NHL expansions are nothing new and some expansions have even gone on to be successful, like the Vegas Golden Knights who made it to the Stanley Cup Playoffs in their first season as an NHL franchise. But comparing the Kraken to the Golden Knights would honestly be an insult to the Las Vegas team. To put it bluntly, the Seattle Kraken Suck with a capital ‘S.’ For their first NHL season as an expansion team, they are second to last in the league. What makes this disappointing is that their team was by no means a rebuild. They didn’t draft college prospects, they drafted already seasoned and good players. So, why the sudden decline? It could be narrowed down to bad coaching, low morale, minimal fan presence, etc. There isn’t a clear answer as to why the Seattle Kraken is doing so bad in their first NHL season. It’s a stark contrast to the team that almost promised greatness with the breath of fresh air the draft provided the hockey community in July 2021. With players like Jamie Oleksiak, Philipp Grubauer, Yanni Gourde and Jordan Eberle the team seemed to be in good hands. But, with high expectations, the reality set in when halfway through the regular season, the Kraken were sorely last in the league right in front of last season’s near Stanley Cup winners, the Montreal Canadiens. With a new shock of the Kraken trading their captain Mark Giordano to the Toronto Maple Leafs, it is obvious that something isn’t right in Seattle. When a team trades their captain it is usually a sign of desperation, a result of injury or a lack of funds. My guess is all three. It seems that Seattle is at the end of their rope this season with low performance, a traded captain and simple hypocrisy.
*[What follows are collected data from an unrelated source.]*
Lemma is_derive_mulmx (R : realType) n (M : 'M[R]_n) (w : R -> 'cV[R]_n)
    (dw : 'cV[R]_n) (t : R) i :
  (forall j, is_derive t 1 (fun s => w s j 0) (dw j 0)) ->
  is_derive t 1 (fun s => (M *m w s) i 0) ((M *m dw) i 0).
Proof.
move=> w_dw; have -> : (fun s => (M *m w s) i 0) = \sum_j (fun s => M i j * w s j 0).
  by apply/funext => s; rewrite mxE fct_sumE.
by rewrite mxE; apply: is_derive_sum => j; exact: is_deriveZ.
Qed.

Lemma is_derive_qform (R : realType) n (M : 'M[R]_n) (w : R -> 'cV[R]_n)
    (dw : 'cV[R]_n) (t : R) :
  M^T = M -> (forall j, is_derive t 1 (fun s => w s j 0) (dw j 0)) ->
  is_derive t 1 (fun s => qform M (w s)) (2 * (dw^T *m M *m w t) 0 0).
Proof.
move=> Msym w_dw.
have -> : (fun s => qform M (w s)) =
    \sum_i ((fun s => w s i 0) * (fun s => (M *m w s) i 0)).
  by apply/funext => s; rewrite /qform -mulmxA dot_colE fct_sumE.
apply: is_derive_eq.
  by apply: is_derive_sum => i; apply: is_deriveM (w_dw i) _; exact: is_derive_mulmx.
rewrite big_split /=.
have -> : \sum_i w t i 0 *: (M *m dw) i 0 = (dw^T *m M *m w t) 0 0.
  by rewrite bilinear_sym // -mulmxA dot_colE.
have -> : \sum_i (M *m w t) i 0 *: dw i 0 = (dw^T *m M *m w t) 0 0.
  by rewrite -mulmxA dot_colE; apply: eq_bigr => i _; rewrite mulrC.
by rewrite mulr_natl mulr2n.
Qed.

Section ClosedLoop.
Variables (R : realType) (n : nat) (X : 'M[R]_n) (vlo vhi : 'I_n -> R)
  (g : 'I_n -> R -> R) (venv : 'cV[R]_n) (q : R -> 'cV[R]_n).
Hypothesis X_sym : X^T = X.
Hypothesis X_pos : forall w, w != 0 -> 0 < qform X w.
Hypothesis vlo_le_vhi : forall i, vlo i <= vhi i.
Hypothesis g_band : forall i v, vlo i <= v <= vhi i -> g i v = 0.
Hypothesis g_decr_lo : forall i a b, a < b -> b <= vlo i -> g i b < g i a.
Hypothesis g_decr_hi : forall i a b, vhi i <= a -> a < b -> g i b < g i a.

Let v t := X *m q t + venv.
Let gv t : 'cV[R]_n := \col_j g j (v t j 0).

Hypothesis q_deriv :
  forall i (t : R), 0 < t -> is_derive t 1 (fun s => q s i 0) (g i (v t i 0)).

Let g_nonincr (i : 'I_n) :=
  policy_nonincr (vlo_le_vhi i) (@g_band i) (@g_decr_lo i) (@g_decr_hi i).

Let lo : 'cV[R]_n := \col_i vlo i.
Let qeq := invmx X *m (lo - venv).
Let V t := qform X (q t - qeq).
Let power t := \sum_i g i (v t i 0) * (v t i 0 - vlo i).

Lemma closed_loop_deviation (t : R) : X *m (q t - qeq) = v t - lo.
Proof.
rewrite mulmxBr /qeq mulmxA mulmxV ?mul1mx ?pd_unitmx //.
by rewrite /v opprB addrA.
Qed.

Lemma closed_loop_V_ge0 (t : R) : 0 <= V t.
Proof. exact: pd_qform_ge0. Qed.

Lemma closed_loop_deviation_sqr (t : R) (i : 'I_n) :
  (v t i 0 - vlo i) ^+ 2 <= V t * X i i.
Proof.
have := psd_mulmx_sqr_le (q t - qeq) i X_sym (pd_qform_ge0 X_pos).
by rewrite closed_loop_deviation !mxE.
Qed.

Lemma closed_loop_v_deriv (t : R) (i : 'I_n) : 0 < t ->
  is_derive t 1 (fun s => v s i 0) ((X *m gv t) i 0).
Proof.
move=> t_gt0; have -> : (fun s => v s i 0) = (fun s => (X *m q s) i 0) + cst (venv i 0).
  by apply/funext => s; rewrite /v mxE.
apply: is_derive_eq; last exact: addr0.
apply: is_deriveD.
by apply: is_derive_mulmx => j; rewrite mxE; exact: q_deriv.
Qed.

Lemma closed_loop_V_deriv (t : R) : 0 < t -> is_derive t 1 V (2 * power t).
Proof.
move=> t_gt0; apply: is_derive_eq.
  apply: (is_derive_qform (dw := gv t)) => // j.
  have -> : (fun s => (q s - qeq) j 0) = (fun s => q s j 0) - cst (qeq j 0).
    by apply/funext => s; rewrite !mxE.
  apply: is_derive_eq; first by apply: is_deriveB; exact: q_deriv.
  by rewrite /gv mxE subr0.
rewrite -mulmxA closed_loop_deviation dot_colE /power.
by congr (_ * _); apply: eq_bigr => i _; rewrite !mxE.
Qed.

Lemma closed_loop_power_le (t : R) (i : 'I_n) :
  power t <= g i (v t i 0) * (v t i 0 - vlo i).
Proof.
rewrite /power (bigD1 i) //= gerDl; apply: sumr_le0 => j _.
exact: policy_mul_le0 (vlo_le_vhi j) (@g_band j) (@g_decr_lo j) (@g_decr_hi j) _.
Qed.

Lemma closed_loop_power_le0 (t : R) : power t <= 0.
Proof.
apply: sumr_le0 => j _.
exact: policy_mul_le0 (vlo_le_vhi j) (@g_band j) (@g_decr_lo j) (@g_decr_hi j) _.
Qed.

Lemma closed_loop_V_nonincr (s t : R) : 0 < s -> s <= t -> V t <= V s.
Proof.
move=> s_gt0; apply: (is_derive_nonincr (T := s)) => [u su|u _|//].
  exact/closed_loop_V_deriv/(lt_le_trans s_gt0).
by rewrite pmulr_rle0 // closed_loop_power_le0.
Qed.

(* q' is only known on t > 0, so these bounds use V 1 and hold for t >= 1. *)
Let vB j := Num.sqrt (V 1 * X j j).
Let gB j := `|g j (vlo j - vB j)| + `|g j (vlo j + vB j)|.
Let dvB i := \sum_j `|X i j| * gB j.

Lemma closed_loop_v_bound (t : R) j : 1 <= t -> `|v t j 0 - vlo j| <= vB j.
Proof.
move=> t_ge1; have Xjj_ge0 : 0 <= X j j by rewrite -qform_delta pd_qform_ge0.
rewrite -sqrtr_sqr ler_sqrt ?mulr_ge0 ?closed_loop_V_ge0 //.
apply: le_trans (closed_loop_deviation_sqr t j) _.
by rewrite ler_wpM2r // closed_loop_V_nonincr.
Qed.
Hypocrisy? We all know by now that the NHL is a flawed franchise. Participating in any trend to get its hands on some cold hard cash, exploiting and damagings its players just to maintain a semi-decent reputation. But never would I expect the NHL to dabble in cryptocurrency. NFTs (Non-Fungible Tokens) have been done by other NHL teams like the Washington Capitals and the.New York Rangers. It was no surprise that the Kraken would jump on the trend but it didn’t make it any less ironic. An NFT is a digital asset that represents real-world objects like art, music, in-game items and videos. They are bought and sold online, frequently with cryptocurrency such as Ethereum and Bitcoin, and they are mined using specialized computers, also known as nodes or mining rigs, which validate transactions for a specific cryptocurrencies and, in turn, receive a mining reward for their computational effort. These mining rigs emit about 37 kilotons of electronic waste and a single NFT or cryptocurrency transaction computed by a mining rig emits 2,145 kilowatt-hours of electricity per transaction, the same amount of power consumed by the average American household over 73.52 days. Etereum, the cryptocurrency mainly used to buy and sell NFTs, is the second-largest cryptocurrency network and it is estimated to use 112.6 Terawatt-hours of electricity per year—more power than is required by the Philippines or Belgium. Mining for Ethereum produces more than 62.9 million tons of carbon dioxide emissions, the same amount as Serbia and Montenegro combined and many crypto developers rely on fossil fuels such as oil to mine, further damaging the environment. So you can imagine my surprise when I heard of the Seattle Kraken, a team whe’s main arena is named the Climate Pledge Arena, participating in such an environmentally damaging act. Although, on the official Seattle Kraken NFT page, they claim that they are using a cryptocurrency called Net Zero Avalanche, and that it “has been verified by an independent study by the Crypto Carbon Ratings Institute, as being 99.999 percent more energy efficient than the Ethereum Blockchain.” Despite this, there are still emissions present and the general concept of releasing NFTs and cryptocurrency isn’t exactly softening the blow.
Furthermore, it can be established that the Seattle Kraken are a bust, despite what their social media accounts and flashy merchandise would make you think. They are a team that has a long way to grow and will hopefully have much improvement ahead of them. And with a new coach and fresher players, the Seattle Kraken might be the next big franchise. But, to call the Seattle Kraken’s first season as an NHL franchise a humble beginning would be an understatement and a blatant lie.